Crystalline Diagnostic System (CS2, CP1)
made Crystalline Tester ^🄬 CS2,CP1

Crystalline Tester CS2 (Macro Diagnostics)

Key features

1. Fully automated diagnosis

   Automated scanning and imaging

   Automatically switches between cross-polarized and parallel-polarized transmission imaging across the wafer at 20 µm/pixel resolution and performs image processing for diagnosis.

   Physical property analysis

   Numerical analysis of all pixels in polarization measurements quantifies nitrogen concentration distribution, macro defect distribution and residual strain in the wafer.

   Diagnostic report generation

   An Excel file is automatically generated as a diagnostic report.
   The Excel file integrates various processed images and physical property diagnostic results.

   Utility

   Operates on just AC100V (1.5kVA) and requires no warm-up, enabling quick use during research or manufacturing operations.

2. High-speed diagnostics

   Scanning, analysis and diagnostic reporting:

   8-inch wafer: 150 seconds
   6-inch wafer: 110 seconds
   4-inch wafer: 90 seconds

3D-MAP showing the distribution of nitrogen (n-type impurity) concentration in the crystal, showing the segregation of N into faceted regions during SiC substrate crystal growth.

Binarized analysis results showing automatic classification of local birefringence images induced by internal crystal defects.

3D-MAP visualizing local strain distribution caused by internal defects, overlaid on the residual strain across the entire wafer.
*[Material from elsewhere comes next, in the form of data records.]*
(* Let $X$ be a proper metric space, $Y$ a metric space, and $F\colon X\to Y$ an $L$-Lipschitz quotient mapping. Let $\gamma\colon[0,T]\to Y$ be a $1$-Lipschitz curve with $\gamma(0)=F(x)$ for some $x\in X$. Then there is an $L$-Lipschitz curve $\tilde\gamma\colon[0,T]\to X$ with $\tilde\gamma(0)=x$ and $F\circ\tilde\gamma=\gamma$.
   Context: A metric space is proper if closed balls are compact. $F\colon X\to Y$ is an $L$-Lipschitz quotient ($L$-LQ) mapping, $L\ge1$, if $B(F(x),r/L)\subseteq F(B(x,r))\subseteq B(F(x),Lr)$ for all $x\in X$, $r>0$, where $B$ denotes open balls. *)

From Stdlib Require Import Reals Lra List.
Open Scope R_scope.

Record MetricSpace : Type := {
  mcarrier :> Type;
  mdist : mcarrier -> mcarrier -> R;
  mdist_nonneg : forall x y, 0 <= mdist x y;
  mdist_eq0 : forall x y, mdist x y = 0 <-> x = y;
  mdist_sym : forall x y, mdist x y = mdist y x;
  mdist_tri : forall x y z, mdist x z <= mdist x y + mdist y z
}.

Arguments mdist {m} _ _.

Definition ball {X : MetricSpace} (x : X) (r : R) (y : X) : Prop := mdist x y < r.
Definition cball {X : MetricSpace} (x : X) (r : R) (y : X) : Prop := mdist x y <= r.

Definition is_open {X : MetricSpace} (U : X -> Prop) : Prop :=
  forall x, U x -> exists r, 0 < r /\ forall y, ball x r y -> U y.

Definition compact {X : MetricSpace} (K : X -> Prop) : Prop :=
  forall (I : Type) (U : I -> X -> Prop),
    (forall i, is_open (U i)) ->
    (forall x, K x -> exists i, U i x) ->
    exists l : list I, forall x, K x -> exists i, In i l /\ U i x.

Definition proper (X : MetricSpace) : Prop :=
  forall (x : X) (r : R), compact (cball x r).

Definition image {X Y : Type} (F : X -> Y) (A : X -> Prop) (y : Y) : Prop :=
  exists x, A x /\ F x = y.

Definition subset {X : Type} (A B : X -> Prop) : Prop := forall x, A x -> B x.

Definition LQ_map {X Y : MetricSpace} (L : R) (F : X -> Y) : Prop :=
  1 <= L /\
  forall (x : X) (r : R), 0 < r ->
    subset (ball (F x) (r / L)) (image F (ball x r)) /\
    subset (image F (ball x r)) (ball (F x) (L * r)).

(* a curve [0,T] -> X (represented as a function on R, only values on [0,T] matter)
   which is K-Lipschitz on [0,T] *)
Definition lipschitz_on_interval {X : MetricSpace} (K T : R) (g : R -> X) : Prop :=
  forall s t, 0 <= s <= T -> 0 <= t <= T -> mdist (g s) (g t) <= K * Rabs (s - t).

From Pilot Require Import Defs.
From Stdlib Require Import Reals Lra Lia List Cantor Classical IndefiniteDescription.
Open Scope R_scope.

(* At the dyadic scale h = T / 2^n the Lipschitz quotient property lifts gamma step by
   step: a point over gamma(i h) has a preimage of gamma((i+1) h) at distance less than
   L h (1 + 1/(n+1)).  These discrete lifts stay in a closed ball, which is compact, so a
   diagonal argument gives a subsequence converging at every dyadic time.  The limit lies
   over gamma and is L-Lipschitz on the dyadics, hence extends to an L-Lipschitz curve on
   [0, T], which lies over gamma everywhere by continuity. *)

Lemma inv_INR_succ_pos (M : nat) : 0 < / (INR M + 1).
Proof. apply Rinv_0_lt_compat. pose proof (pos_INR M). lra. Qed.

Lemma inv_INR_succ_le (M M' : nat) : (M <= M')%nat -> / (INR M' + 1) <= / (INR M + 1).
Proof.
  intro HM. apply le_INR in HM. pose proof (pos_INR M).
  apply Rinv_le_contravar; lra.
Qed.

Lemma inv_INR_succ_lt (e : R) : 0 < e -> exists M : nat, / (INR M + 1) < e.
Proof.
  intro He. destruct (archimed_cor1 e He) as [M [HM HM0]]. exists M.
  apply lt_0_INR in HM0. eapply Rle_lt_trans; [|exact HM].
  apply Rinv_le_contravar; lra.
Qed.

Lemma Rle_plus_mult_epsilon (a b C : R) : 0 <= C ->
  (forall e, 0 < e -> a <= b + C * e) -> a <= b.
Proof.
  intros HC H. apply Rle_plus_epsilon. intros e He.
  assert (HCe : C * (e / (C + 1)) <= e).
  { replace (C * (e / (C + 1))) with (e - e / (C + 1)) by (field; lra).
    assert (0 < e / (C + 1)) by (apply Rdiv_lt_0_compat; lra). lra. }
  specialize (H (e / (C + 1)) ltac:(apply Rdiv_lt_0_compat; lra)). lra.
Qed.

Lemma Rabs_sub_le_approx (a b s t e : R) :
  Rabs (a - s) < e -> Rabs (b - t) < e -> Rabs (a - b) <= Rabs (s - t) + 2 * e.
Proof. unfold Rabs. repeat destruct Rcase_abs; lra. Qed.

Lemma Rabs_Rmin_sub_le (a b T : R) : Rabs (Rmin a T - Rmin b T) <= Rabs (a - b).
Proof. unfold Rmin, Rabs. repeat destruct Rle_dec; repeat destruct Rcase_abs; lra. Qed.

Lemma dependent_choice_seq (A : Type) (P : nat -> A -> Prop)
  (Rel : nat -> A -> A -> Prop) (a0 : A) :
  P 0%nat a0 ->
  (forall i a, P i a -> exists b, P (S i) b /\ Rel i a b) ->
  exists s : nat -> A, s 0%nat = a0 /\ forall i, P i (s i) /\ Rel i (s i) (s (S i)).
Proof.
  intros H0 Hstep.
  assert (next : forall i (a : {a | P i a}),
             {b : {b | P (S i) b} | Rel i (proj1_sig a) (proj1_sig b)}).
  { intros i [a Ha].
    destruct (constructive_indefinite_description _ (Hstep i a Ha)) as [b [Hb HR]].
    exact (exist _ (exist _ b Hb) HR). }
  set (s := nat_rect (fun i => {a | P i a}) (exist _ a0 H0) (fun i a => proj1_sig (next i a))).
  exists (fun i => proj1_sig (s i)). split; [reflexivity|]. intro i.
  split; [exact (proj2_sig (s i))|exact (proj2_sig (next i (s i)))].
Qed.

Section Metric.
Variable X : MetricSpace.

Lemma mdist_refl (a : X) : mdist a a = 0.
Proof. apply mdist_eq0. reflexivity. Qed.

Lemma eq_of_mdist_le_eps (a b : X) (C : R) : 0 <= C ->
  (forall e, 0 < e -> mdist a b <= C * e) -> a = b.
Proof.
  intros HC H. apply mdist_eq0. apply Rle_antisym; [|apply mdist_nonneg].
  apply (Rle_plus_mult_epsilon _ _ C HC). intros e He. rewrite Rplus_0_l. auto.
Qed.

Lemma ball_open (p : X) (r : R) : is_open (ball p r).
Proof.
  intros y Hy. unfold ball in *. exists (r - mdist p y). split; [lra|].
  intros z Hz. pose proof (mdist_tri X p y z). lra.
Qed.

(* Cantor's intersection theorem, phrased with adherent points. *)
Lemma compact_nested_cluster (K : X -> Prop) (P : nat -> X -> Prop) :
  Defs.compact K ->
  (forall M M' y, (M <= M')%nat -> P M' y -> P M y) ->
  (forall M, exists y, P M y /\ K y) ->
  exists p, forall M e, 0 < e -> exists y, P M y /\ mdist y p < e.
Proof.
  intros HK Hmono Hne. apply NNPP. intro Hno.
  assert (Hfar : forall p : X, exists eM : R * nat,
             0 < fst eM /\ forall y, P (snd eM) y -> fst eM <= mdist y p).
  { intro p. apply NNPP. intro Hp. apply Hno. exists p. intros M e He.
    apply NNPP. intro Hy. apply Hp. exists (e, M). split; [exact He|].
    intros y HPy. apply Rnot_lt_le. intro Hlt. apply Hy. exists y. auto. }
  destruct (functional_choice _ Hfar) as [r Hr].
  destruct (HK X (fun p => ball p (fst (r p)))) as [l Hl].
  - intro p. apply ball_open.
  - intros y _. exists y. unfold ball. rewrite mdist_refl. apply Hr.
  - set (Mmax := list_max (map (fun p => snd (r p)) l)).
    destruct (Hne Mmax) as [y [HPy HKy]].
    destruct (Hl y HKy) as [p [Hpl Hpy]].
    assert (HM : (snd (r p) <= Mmax)%nat).
    { pose proof (proj1 (list_max_le _ Mmax) (Nat.le_refl _)) as Hall.
      rewrite Forall_forall in Hall. apply Hall, (in_map (fun p => snd (r p))), Hpl. }
    pose proof (proj2 (Hr p) y (Hmono _ _ _ HM HPy)).
    unfold ball in Hpy. rewrite mdist_sym in Hpy. lra.
Qed.

Lemma mdist_le_steps (a : nat -> X) (c : R) :
  (forall i, mdist (a i) (a (S i)) <= c) ->
  forall i j, mdist (a i) (a j) <= c * Rabs (INR i - INR j).
Proof.
  intros Hstep.
  assert (Hup : forall i k, mdist (a i) (a (k + i)%nat) <= c * INR k).
  { intros i k. induction k as [|k IH].
    - rewrite mdist_refl. simpl. lra.
    - rewrite S_INR. pose proof (mdist_tri X (a i) (a (k + i)%nat) (a (S k + i)%nat)).
      specialize (Hstep (k + i)%nat). simpl in *. lra. }
  assert (Hle : forall i j, (i <= j)%nat -> mdist (a i) (a j) <= c * Rabs (INR i - INR j)).
  { intros i j Hij. destruct (Nat.le_exists_sub i j Hij) as [k [-> _]].
    rewrite plus_INR. replace (INR i - (INR k + INR i)) with (- INR k) by ring.
    rewrite Rabs_Ropp, Rabs_pos_eq by apply pos_INR. apply Hup. }
  intros i j. destruct (Nat.le_ge_cases i j); [auto|].
  rewrite mdist_sym, Rabs_minus_sym. auto.
Qed.

End Metric.

Lemma LQ_map_lipschitz (X Y : MetricSpace) (L : R) (F : X -> Y) :
  LQ_map L F -> forall a b : X, mdist (F a) (F b) <= L * mdist a b.
Proof.
  intros [HL HQ] a b. apply Rnot_lt_le. intro Hlt.
  pose proof (mdist_nonneg X a b) as Hd.
  set (r := (mdist (F a) (F b) / L + mdist a b) / 2).
  assert (Hr : mdist a b < r).
  { assert (mdist a b < mdist (F a) (F b) / L).
    { apply (Rmult_lt_reg_l L); [lra|]. field_simplify; lra. }
    unfold r. lra. }
  assert (HLr : L * r = (mdist (F a) (F b) + L * mdist a b) / 2) by (unfold r; field; lra).
  destruct (HQ a r ltac:(lra)) as [_ Himg].
  specialize (Himg (F b) (ex_intro _ b (conj Hr eq_refl))). unfold ball in Himg. lra.
Qed.

Lemma LQ_map_lift (X Y : MetricSpace) (L : R) (F : X -> Y) (a : X) (y : Y) (r : R) :
  LQ_map L F -> 0 < r -> mdist (F a) y < r / L -> exists b, F b = y /\ mdist a b < r.
Proof.
  intros [_ HQ] Hr Hy. destruct (proj1 (HQ a r Hr) y Hy) as [b [Hb HFb]]. eauto.
Qed.

Lemma lipschitz_on_interval_comp (X Y : MetricSpace) (L K T : R) (F : X -> Y) (g : R -> X) :
  0 <= L -> (forall a b, mdist (F a) (F b) <= L * mdist a b) ->
  lipschitz_on_interval K T g -> lipschitz_on_interval (L * K) T (fun t => F (g t)).
Proof.
  intros HL HF Hg s t Hs Ht. eapply Rle_trans; [apply HF|].
  rewrite Rmult_assoc. apply Rmult_le_compat_l; auto.
Qed.

Definition dense_in (T : R) (q : nat -> R) : Prop :=
  (forall j, 0 <= q j <= T) /\
  forall t, 0 <= t <= T -> forall e, 0 < e -> exists j, Rabs (q j - t) < e.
Crystalline Tester CP1 (Micro Diagnosis)

Measuring system optics

Main Features

High-resolution Diagnosis

High-resolution observation of dislocations

Phase contrast microscopy detects the refractive index modulation due to the inelastic stress field near the dislocation core, allowing closely spaced dislocations to be observed without interference. Observation of threading dislocations is possible at a dislocation density of 10^⁷ cm^-².



Versatile crystal diagnostics

Identification of TED/TSD/MP in SiC epi-layers

Automatically identifies TED, TSD and MP in SiC epi-layers, extracts coordinates and performs calculations. (See Figure 1)

Diagnosis of Dislocation Core Tilting

As shown in Figure 2, even for TSDs within the same 10 mm thick SiC epi layer, depth profile changes associated with dislocation core tilting can be observed for different growth rates.

Dislocation Depth Profiling

Figure 3 shows an example of epi layer depth profiling. Tracing the transversely segmented defects from the surface of the fast grown SiC epi layer in Figure 2 to the epi/substrate interface confirms that one is associated with the substrate TSD and the other is not caused by a substrate dislocation.

Observation of polarized phase contrast images

When observing phase contrast images of threaded dislocations, the polarization orientation selectivity of the phase contrast is observed by superimposing the polarization effect on the optical system. This allows us to examine the relationship between the Burgers vectors of each dislocation and the possibility of a detailed classification of each dislocation (see Figure 4).

Fast and easy operation

LED light source, automatic XYZ control stage, auto-focus control, automatic image processing software and Excel output of results make wafer diagnostic operations easy to perform.

Utility

Operates on AC100V (1.5kVA) only and requires no warm-up, allowing quick use during research and manufacturing operations.